Na perspectiva teórica priorizada nessa investigação, as noções de produção, criação e invenção são inseparáveis da noção desejo. Sempre afirmação. Positividade articulada e criadora de diversos conceitos. O desejo “é o sistema de signos a-significantes com os quais se produz fluxos de inconsciente em um campo social. O desejo é revolucionário porque quer sempre mais conexões e agenciamentos” (DELEUZE e PARNET, 1998, p.94). O desejo é pulsão para tomada de decisão, é princípio de ação.

O desejo não é, portanto, interior a um sujeito, tampouco tende para um objeto [...] Só há desejo quando há desdobramento de determinado campo, propagação de determinados fluxos, emissão de determinadas partículas [...] desejar não é de modo algum coisa fácil [...] desejo que certamente nada tem a ver com falta nem com a ’lei’ [...] o desejo nunca deve ser interpretado, é ele que experimenta [...] Só há desejo agenciado e maquinado [...] O desejo não está reservado para privilegiados; tampouco está reservado ao êxito de uma revolução uma vez feita. Ele é em si mesmo, processo revolucionário imanente. Ele é construtivista, de modo algum espontaneísta”. (DELEUZE e PARNET, 1998, p.105-7-11-12, grifos dos autores).

Os textos deleuzianos têm a preocupação em esclarecer qual é o lugar que o desejo ocupa num quadro teórico que argumenta a favor das multiplicidades, das diferenças, da rede de mediadores. Enquanto princípio de ação se associa com conceitos como agenciamentos, desterritorialização, linhas de fuga amplamente presentes em sua teoria. Todas essas explicações a respeito do desejo se reúnem no conceito de “máquina desejante” ou “agenciamento maquínico” e suas derivações. “Máquina, maquinismo, ‘maquínico’: não é uma mecânica, nem orgânico.[...] a máquina é um conjunto de vizinhança homem-ferramenta-animal- coisa” (DELEUZE e PARNET, 1998, p.121-2). Nessa perspectiva, o desejo é um conceito que ocupa lugar privilegiado na TRM. As mediações acontecem em virtude das pulsões que provocam as ações na relação H-NH.

Máquinas desejantes entendidas como enunciação coletiva do desejo. “O termo máquina envolve uma noção de arranjamento de multiplicidades” (KROEF, 2001, p.03). “O desejo nada tem haver com uma determinação natural ou

espontânea, só há desejo agenciando, agenciado, maquinado”. (DELEUZE e GUATTARI, 1997, p.78).

Nessa perspectiva, o desejo se manifesta como princípio de ação na performance docente enquanto movimento de produção, criação. O princípio da máquina desejante deleuziano está fortemente associado à noção de construção/criação tanto filosófica [conceitos], artística [perceptos e afectos] ou científica [proposições]. (DELEUZE e GUATTARI, 1992). O desejo é essencialmente construtivismo. (BOUTANG, 1989; BAPTISTA, 1998).

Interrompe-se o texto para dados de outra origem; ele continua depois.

(* Moving the base point from A to A - t Y changes the pairing with -Y by
   t <Y, Y>; this turns the half-spaces of the interior condition at A - t Y
   into superlevel sets of X |-> -<Y, X - A>. *)
Lemma inner_shift X A Y t :
  inner (X - (A - t *: Y)) (- Y) = - inner Y (X - A) - t * inner Y Y.
Proof.
rewrite /inner mulr_sumr -sumrN -sumrB.
by apply: eq_bigr => i _; rewrite !mxE; ring.
Qed.

End InnerProduct.

Section AffineHull.
Context {R : realType} {n : nat}.
Implicit Types (S : set 'rV[R]_n) (x y a b : 'rV[R]_n) (u t : R).

Lemma aff_comb S x y u : aff S x -> aff S y -> aff S (u *: x + (1 - u) *: y).
Proof.
move=> [k1 [w1 [p1 [s1 [P1 ->]]]]] [k2 [w2 [p2 [s2 [P2 ->]]]]].
pose w i := match fintype.split i with
            | inl a => u * w1 a | inr b => (1 - u) * w2 b end.
pose p i := match fintype.split i with inl a => p1 a | inr b => p2 b end.
exists (k1 + k2)%N, w, p.
have wl (i : 'I_k1) : w (lshift k2 i) = u * w1 i by rewrite /w (unsplitK (inl i)).
have wr (j : 'I_k2) : w (rshift k1 j) = (1 - u) * w2 j.
  by rewrite /w (unsplitK (inr j)).
have pl (i : 'I_k1) : p (lshift k2 i) = p1 i by rewrite /p (unsplitK (inl i)).
have pr (j : 'I_k2) : p (rshift k1 j) = p2 j by rewrite /p (unsplitK (inr j)).
split; [|split].
- rewrite big_split_ord /= (eq_bigr _ (fun i _ => wl i)) (eq_bigr _ (fun j _ => wr j)).
  by rewrite -!mulr_sumr s1 s2 !mulr1 addrC subrK.
- by move=> i; rewrite /p; case: (fintype.split i).
- rewrite [RHS]big_split_ord /= !scaler_sumr; congr (_ + _); apply: eq_bigr.
    by move=> i _; rewrite wl pl scalerA.
  by move=> j _; rewrite wr pr scalerA.
Qed.

Arguments aff_comb {S x y} u.

Lemma aff_shift S x a b t : aff S x -> aff S a -> aff S b ->
  aff S (x + t *: (a - b)).
Proof.
move=> hx ha hb.
have h := aff_comb 2 (aff_comb 2^-1 hx (aff_comb t ha hb)) hb.
suff -> : x + t *: (a - b) =
  2 *: (2^-1 *: x + (1 - 2^-1) *: (t *: a + (1 - t) *: b)) + (1 - 2) *: b by [].
have two0 : (2 : R) != 0 by rewrite pnatr_eq0.
by apply/rowP => i; rewrite !mxE; field.
Qed.

Lemma hull_aff {S x} : hull S x -> aff S x.
Proof. by move=> [k [w [p [_ [s [P ->]]]]]]; exists k, w, p. Qed.

Lemma VL0 {S x} : aff S x -> VL S 0.
Proof. by move=> hx; exists x, x; rewrite subrr. Qed.

Lemma VLN {S y} : VL S y -> VL S (- y).
Proof. by move=> [a [b [ha [hb ->]]]]; exists b, a; rewrite opprB. Qed.

End AffineHull.

Section Measurability.
Context {R : realType} {n : nat}.

(* Coordinates are bounded by the (sup) norm of 'rV[R]_n. *)
Lemma entry_le_norm (x : 'rV[R]_n) i : `|x ord0 i| <= `|x|.
Proof.
rewrite [leRHS]/Num.Def.normr /= mx_normrE; apply/bigmax_geP; right => /=.
by exists (ord0, i).
Qed.

Lemma open_slab (i : 'I_n) (a b : R) :
  open [set x : 'rV[R]_n | a < x ord0 i < b].
Proof.
rewrite openE => x /andP[ax xb].
apply/nbhs_ballP; exists (Num.min (x ord0 i - a) (b - x ord0 i)) => /=.
  by rewrite lt_min !subr_gt0 ax xb.
move=> y; rewrite -ball_normE /= lt_min => /andP[h1 h2].
have := le_lt_trans (entry_le_norm (x - y) i) h1.
have := le_lt_trans (entry_le_norm (x - y) i) h2.
rewrite !mxE => /ltr_normlP[p1 _] /ltr_normlP[_ p2].
by apply/andP; split; lra.
Qed.

Lemma measurable_coord (i : 'I_n) :
  measurable_fun setT (fun x : Vmeas R n => (x : 'rV[R]_n) ord0 i).
Proof.
apply: (measurability _ (RGenOpens.measurableE R)).
move=> _ [_ [a [b ->]] <-]; apply: sub_sigma_algebra; rewrite setTI.
suff -> : (fun x : Vmeas R n => (x : 'rV[R]_n) ord0 i) @^-1` `]a, b[%classic =
   [set x : 'rV[R]_n | a < x ord0 i < b] by exact: open_slab.
by apply/seteqP; split => x /=; rewrite in_itv.
Qed.

Lemma measurable_inner (Y A : 'rV[R]_n) :
  measurable_fun setT (fun x : Vmeas R n => inner Y ((x : 'rV[R]_n) - A)).
Proof.
rewrite (_ : (fun x : Vmeas R n => _) = (fun x : Vmeas R n =>
    \sum_(i < n) Y ord0 i * ((x : 'rV[R]_n) ord0 i - A ord0 i))); last first.
  by apply/funext => x; apply: eq_bigr => i _; rewrite !mxE.
apply: measurable_sum => i; apply: measurable_funM; first exact: measurable_cst.
by apply: measurable_funB; [exact: measurable_coord | exact: measurable_cst].
Qed.

Lemma measurable_integrand (Y A : 'rV[R]_n) :
  measurable_fun [set: Vmeas R n]
    (fun x : Vmeas R n => (expR (- inner Y ((x : 'rV[R]_n) - A)))%:E).
Proof.
apply/measurable_EFinP; apply: measurableT_comp; first exact: measurable_expR.
exact: measurable_funN (measurable_inner Y A).
Qed.

Lemma measurable_superlevel (Y A : 'rV[R]_n) (c : R) :
  measurable [set x : Vmeas R n | c <= - inner Y ((x : 'rV[R]_n) - A)].
Proof.
have := measurable_funN (measurable_inner Y A) measurableT (measurable_itv `[c, +oo[).
rewrite setTI; congr measurable; apply/seteqP.
by split => x /=; rewrite in_itv andbT.
Qed.

End Measurability.

Section CompactSupport.
Context {R : realType} {n : nat}.
Variable mu : {measure set (Vmeas R n) -> \bar R}.

(* Every point off the support has an open mu-null neighbourhood; hence a
   compact set avoiding the support is covered by finitely many null open
   sets and is mu-negligible. *)
Lemma compact_off_support_negligible (K : set 'rV[R]_n) :
  compact K -> (forall x, K x -> ~ msupport mu x) ->
  mu.-negligible (K : set (Vmeas R n)).
Proof.
rewrite compact_cover => cK Koff.
pose N := [set V : set 'rV[R]_n | open V /\ mu V = 0%E].
have cov : K `<=` cover N id.
  move=> x /Koff /existsNP[V /not_implyP[oV /not_implyP[Vx /negP]]].
  rewrite -leNgt => mV; exists V => //; split => //.
  by apply/eqP; rewrite eq_le mV measure_ge0.
have [D sD KD] := cK _ N id (fun V NV => NV.1) cov.
apply: (negligibleS (mu := mu) KD); rewrite /cover bigcup_fset big_seq.
apply: (big_ind (fun B : set (Vmeas R n) => mu.-negligible B)).
- exact: negligible_set0.
- exact: negligibleU.
- move=> V /sD; rewrite inE => -[oV mV]; exists V; split => //.
  by apply: sub_sigma_algebra; exact: oV.
Qed.

(* A measure with compact support is concentrated on a ball: outside the
   1-neighbourhood U of the support everything is negligible, since the
   complement of U is a countable union of compact sets avoiding the support. *)
Lemma compact_support_concentrated :
  compact (msupport mu) ->
  exists B : R, mu.-negligible ([set x : 'rV[R]_n | B < `|x|] : set (Vmeas R n)).
Proof.
move=> cpt; have [M [_ HM]] := compact_bounded cpt.
have supp_le w : msupport mu w -> `|w| <= M + 1.
  by move=> sw; apply: HM => //; rewrite ltrDl.
pose U := \bigcup_(w in msupport mu) ball w (1 : R).
pose K (k : nat) := ~` U `&` closed_ball (0 : 'rV[R]_n) k.+1%:R.
have ballK k x : closed_ball (0 : 'rV[R]_n) k.+1%:R x = (`|x| <= k.+1%:R).
  by rewrite closed_ballE // /closed_ball_ /= sub0r normrN.
have negK k : mu.-negligible (K k : set (Vmeas R n)).
  apply: compact_off_support_negligible => [|x [Ux _] sx]; last first.
    by apply: Ux; exists x => //; exact: ballxx.
  apply: bounded_closed_compact.
    exists k.+1%:R; split; first by rewrite realn.
    by move=> r kr x [_]; rewrite ballK => /le_trans; apply; exact: ltW.
  apply: closedI; last exact: closed_ball_closed.
  by apply/open_closedC/bigcup_open => w _; exact: ball_open.
exists (M + 2); apply: (negligibleS _ (negligible_bigcup negK)).
move=> x /= Mx; exists (Num.truncn `|x|) => //; split; last first.
  by rewrite ballK; exact/ltW/truncnS_gt.
move=> [w sw]; rewrite -ball_normE /= => wx.
have := ler_normB w (w - x); rewrite opprB addrC subrK => hx.
have := supp_le w sw; lra.
Qed.

End CompactSupport.

Section PartitionIntegral.
Context {R : realType} {n : nat}.
Variable mu : probability (Vmeas R n) R.

Local Notation Z A Y :=
  (\int[mu]_(x in [set: Vmeas R n]) (expR (- inner Y ((x : 'rV[R]_n) - A)))%:E)%E.

Lemma integral_cst_prob (k : \bar R) :
  (\int[mu]_(x in [set: Vmeas R n]) cst k x = k)%E.
Proof.
rewrite integral_cst // [X in (_ * X)%E](_ : _ = 1%E) ?mule1 //.
exact: probability_setT.
Qed.

Lemma Z_ge0 (A Y : 'rV[R]_n) : (0 <= Z A Y)%E.
Proof. by apply: integral_ge0 => x _; rewrite lee_fin expR_ge0. Qed.

(* With compact support the integrand is essentially bounded, so Z_A(Y) is
   finite. *)
Lemma Z_fin_num (A Y : 'rV[R]_n) : compact (msupport mu) -> Z A Y \is a fin_num.
Proof.
move=> /compact_support_concentrated[B negB].
pose C := expR (\sum_(i < n) `|Y ord0 i| * (B + `|A ord0 i|)).
rewrite ge0_fin_numE ?Z_ge0 //; apply: (@le_lt_trans _ _ C%:E); last exact: ltry.
apply: le_trans (_ : (\int[mu]_(x in [set: Vmeas R n]) (cst C%:E x) <= _)%E).
  apply: ae_ge0_le_integral => //.
  - exact: measurable_integrand.
  - by move=> x _; rewrite lee_fin expR_ge0.
  apply: (negligibleS _ negB) => x /= hx; apply: contrapT => hxB; apply: hx => _.
  rewrite lee_fin ler_expR /inner -sumrN; apply: ler_sum => i _; rewrite !mxE.
  apply: le_trans (ler_norm _) _; rewrite normrN normrM ler_wpM2l //.
  apply: le_trans (ler_normB _ _) _; rewrite lerD2r.
  by rewrite (le_trans (entry_le_norm x i)) // leNgt; apply/negP.
by rewrite integral_cst_prob.
Qed.

Lemma Z_ge_mass {A Y : 'rV[R]_n} {S : set (Vmeas R n)} {c : R} :
  measurable S -> (forall x, S x -> c <= - inner Y ((x : 'rV[R]_n) - A)) ->
  ((expR c)%:E * mu S <= Z A Y)%E.
Proof.
move=> mS hS; rewrite -integral_cst //.
apply: (@le_trans _ _
  (\int[mu]_(x in S) (expR (- inner Y ((x : 'rV[R]_n) - A)))%:E)%E).
  apply: ge0_le_integral => //.
  - by move=> x _; rewrite lee_fin expR_ge0.
  - exact: measurable_funS (measurable_integrand Y A).
  - by move=> x Sx; rewrite lee_fin ler_expR; exact: hS.
by apply: ge0_subset_integral => //; exact: measurable_integrand.
Qed.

Foucault (1977), pergunta: como introduzir o desejo no pensamento, no discurso, na ação? Como o desejo pode e deve desdobrar suas forças na esfera do político e se intensificar no processo de reversão da ordem estabelecida? Perguntas que suscitam muitas respostas e que o autor responde quando afirma que a “ligação do desejo com a realidade (e não sua fuga, nas formas de representação) possui uma força revolucionária”. Não existem modelos ou roteiros para responder as perguntas. Mas, existem ações. E é no interior dessas ações, tal como é o processo de elaboração de mediadores didáticos para EaD, que se mapeia essa prerrogativa construtivista inédita.

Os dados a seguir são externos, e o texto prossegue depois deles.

(* Let $P$ be a finite poset and $R$ a consistent restriction function on $P$. Let $H_\Gamma:\Gamma(P,R)\to\mathbb{Z}$ be the map $(p,k)\mapsto k$. Then there is a bijection $\varphi:\mathrm{Inc}^R(P)\to J(\Gamma(P,R))$ such that $\varphi\circ\mathrm{IncPro}=\mathrm{TogPro}_{H_\Gamma}\circ\varphi$.
   Context: A restriction function on $P$ assigns to each $p$ a nonempty finite $R(p)\subseteq\mathbb{Z}$; $\mathrm{Inc}^R(P)$ is the set of $f:P\to\mathbb{Z}$ with $f(p)\in R(p)$ and $p_1<p_2\Rightarrow f(p_1)<f(p_2)$. $R$ is consistent if for every cover $x\lessdot y$ in $P$, $\min R(x)<\min R(y)$ and $\max R(x)<\max R(y)$. $R(p)^*=R(p)\setminus\{\max R(p)\}$; $R(p)_{>k}$ (resp. $R(p)_{<k}$) is the smallest (resp. largest) element of $R(p)$ greater (resp. less) than $k$. $\Gamma(P,R)$ is the poset on $\{(p,k):p\in P, k\in R(p)^*\}$ whose order is the reflexive–transitive closure of the relation $(p_1,k_1)\lessdot(p_2,k_2)$, holding iff either (1) $p_1=p_2$ and $R(p_1)_{>k_2}=k_1$; or (2) $p_1\lessdot p_2$ in $P$, $k_1=R(p_1)_{<k_2}$, $k_1\neq\max R(p_1)$, and no $k\in R(p_2)$ with $k>k_2$ has $R(p_1)_{<k}=k_1$. Generalized Bender–Knuth involution: for $i\in\mathbb{Z}$ and $f\in\mathrm{Inc}^R(P)$, $\rho_i(f)(p)=R(p)_{>i}$ if $f(p)=i$ and the labeling obtained from $f$ by changing only the value at $p$ to $R(p)_{>i}$ lies in $\mathrm{Inc}^R(P)$; $\rho_i(f)(p)=i$ if $f(p)=R(p)_{>i}$ and the labeling obtained by changing only the value at $p$ to $i$ lies in $\mathrm{Inc}^R(P)$; otherwise $\rho_i(f)(p)=f(p)$. $\mathrm{IncPro}$ applies $\rho_i$ for all $i\in\mathbb{Z}$ in increasing order of $i$ (only finitely many act nontrivially), i.e. $\mathrm{IncPro}=\cdots\circ\rho_3\circ\rho_2\circ\rho_1\circ\cdots$. For a finite poset $Q$, $J(Q)$ is its set of order ideals. For $x\in Q$ the toggle $t_x:J(Q)\to J(Q)$ sends $I$ to $I\cup\{x\}$ if $x\notin I$ and this is an order ideal, to $I\setminus\{x\}$ if $x\in I$ and this is an order ideal, and to $I$ otherwise. For $H:Q\to\mathbb{Z}$ with $H(x)\ne H(y)$ whenever $x\lessdot y$ (a toggle order), $T_H^i$ is the product of the (pairwise commuting) toggles $t_x$ with $H(x)=i$, and $\mathrm{TogPro}_H$ applies $T_H^i$ in increasing order of $i$: $\mathrm{TogPro}_H=\cdots T_H^{2}T_H^1T_H^0T_H^{-1}T_H^{-2}\cdots$ (composition right to left). *)

From HB Require Import structures.
From mathcomp Require Import all_boot all_order all_algebra.
From mathcomp Require Import finmap.
Set Implicit Arguments. Unset Strict Implicit. Unset Printing Implicit Defensive.
Import Order.TTheory GRing.Theory Num.Theory.
Local Open Scope ring_scope.

Section Defs.
Variables (d : Order.disp_t) (P : finPOrderType d).

Definition pcover (x y : P) : bool :=
  ((x < y)%O) && ~~ [exists q : P, ((x < q)%O) && ((q < y)%O)].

As teses platônicas, freudianas e lacanianas sobre o desejo são muito mais complexas do que a abordagem que se faz aqui. Implicam numa discussão mais aprofundada sobre a filosofia, fenomenologia e a psicanálise. Das contribuições de Espinosa, Foucault, Deleuze e Guattari sobre o desejo produtivo, sobre a vontade de potência, contrai-se o postulado que se refere à potência das máquinas desejantes. Entende-se o desejo como princípio de ação na performance docente. Como extravasamento da potência. Criação de condições. Trata-se o desejo como conceito filosófico que ressoa na educação gerando novas compreensões sobre o processo de elaboração de materiais didáticos para EaD.